Mon Oct 31 16:27:46 GMT 2011

On 31/10/11 14:31, michael neidhardt wrote:
> With no QoS set, I assume each consumer fetches as many messages as
> possible (whatever that means),
> and 'queues' them itself.

Yes, although the "queueing" doesn't mean there's an explicit queue in 
the client. But messages can back up in networking buffers etc.

> I will try to set QoS/prefetch_count to 1,
> though I seem to remember
> having read that this can cause trouble. I would assume that it would
> be no problem, have you got any thoughts on whether it's a good idea?

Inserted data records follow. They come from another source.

Variables (r : nat) (t mu : R) (u v z zp h yz yzp yh su sv : nat -> R).
Hypothesis Hcp : central_point r t mu u v z zp h yz yzp yh su sv.

Lemma central_slacks i : (i <= r)%nat ->
  z i = z_of t u i /\ h i = h_of t u v i /\ ((1 <= i)%nat -> zp i = zp_of t u v i).
Proof.
  destruct Hcp as (H0 & H1 & Hrow & _). intros Hi. destruct i as [|m]; simpl.
  - repeat split; [lra | lra | lia].
  - destruct (Hrow (S m) ltac:(lia)) as (Hz & Hzp & Hh). simpl in Hz, Hzp, Hh.
    rewrite Nat.sub_0_r in Hz, Hzp, Hh. repeat split; lra.
Qed.

Lemma central_mu_pos : 0 < mu.
Proof.
  destruct Hcp as (_ & _ & _ & _ & Hpos & _).
  destruct (Hpos O (Nat.le_0_l r)) as (Hu & _ & Hsu & _ & <- & _).
  apply Rmult_lt_0_compat; assumption.
Qed.

(* The [j]-th block of the pairing [s^T x' + y^T (b - A x')] of the dual part with a point [x' = (u', v')]. *)
Definition pairing (u' v' : nat -> R) (j : nat) : R :=
  su j * u' j + sv j * v' j + yz j * z_of t u' j +
  yzp j * zp_of t u' v' j + yh j * h_of t u' v' j.

Lemma pairing_partial_sum u' v' k : (k <= r)%nat ->
  sum_f_R0 (pairing u' v') k = v' O + yz O * t + yh O * t ^ 2 -
    (if (k <? r)%nat
     then (t * yz (S k) + coef t (S k) * yh (S k)) * u' k +
          (t * yzp (S k) + coef t (S k) * yh (S k)) * v' k
     else 0).
Proof.
  destruct Hcp as (_ & _ & _ & Hdual & _).
  induction k as [|k IH]; intros Hk; simpl sum_f_R0.
  - destruct (Hdual O Hk) as [Hsu Hsv]. unfold pairing. rewrite Hsu, Hsv. simpl.
    destruct (0 <? r)%nat; ring.
  - rewrite IH by lia. destruct (Hdual (S k) Hk) as [Hsu Hsv].
    unfold pairing. rewrite Hsu, Hsv. simpl.
    destruct (Nat.ltb_spec k r); [|lia]. destruct (S k <? r)%nat; ring.
Qed.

I don't see why it should cause trouble. Setting prefetch to 1 does mean 
that throughput will drop since the broker cannot deliver another 
message until the previous one has been acknowledged, so if throughput 
is a concern then you might set the prefetch to some larger number for 
less fairness but more performance.

In general setting the prefetch count is a good idea if you're concerned 
with fair distribution of messages.

> As I wrote earlier, we have a number (several thousand) of files to
> process, each of which may contain up to several hundred thousand
> records (around 2KB each).
>
> In an earlier test, I let the processes handling files push the ID of
> each record to a queue.
> (Simply add a publish to the above code after the ack). The consumer
> for this queue (which uses autoack)

(Of course, setting prefetch doesn't do anything in noack mode since the 
server has no way to know how many messages have made it all the way to 
the client.)

> would do a lookup in a Postgresql
> DB, and nothing else.
> After about 50 million records, the vm_memory_high_watermark would be
> set, and shortly after
> that, I got<"timeout waiting for channel.flow_ok{active=false}",none}
>> . Eventually the whole system froze.
> I guess this timeout is caused by my client not reacting to the flow
> control from the RabbitMQ server. Is that correct? Unfortunately, the
> client I use does not have methods for that. Should I expect to handle
> this in normal operation, or could it be handled by a client for me?

I think you said you were using 1.8.1. Much has changed since then:

* We no longer use channel.flow to throttle producers since as you're 
seeing many clients did not implement it correctly / at all. We now use 
TCP backpressure instead.

* Prior to 2.0 all messages in all queues had to fit in memory. Messages 
are now paged to disk when memory is low.

So I would strongly advise you to upgrade to 2.6.1. It's available in 
our apt repository:

http://www.rabbitmq.com/debian.html

> Oh, and the big question: Is it out of the question to handle approx.
> 300 mill. messages (where payload is essentially a bigint) over a few
> days?

That should be no big deal. My workstation can churn through that in a 
few hours.

Cheers, Simon

-- 
Simon MacMullen
RabbitMQ, VMware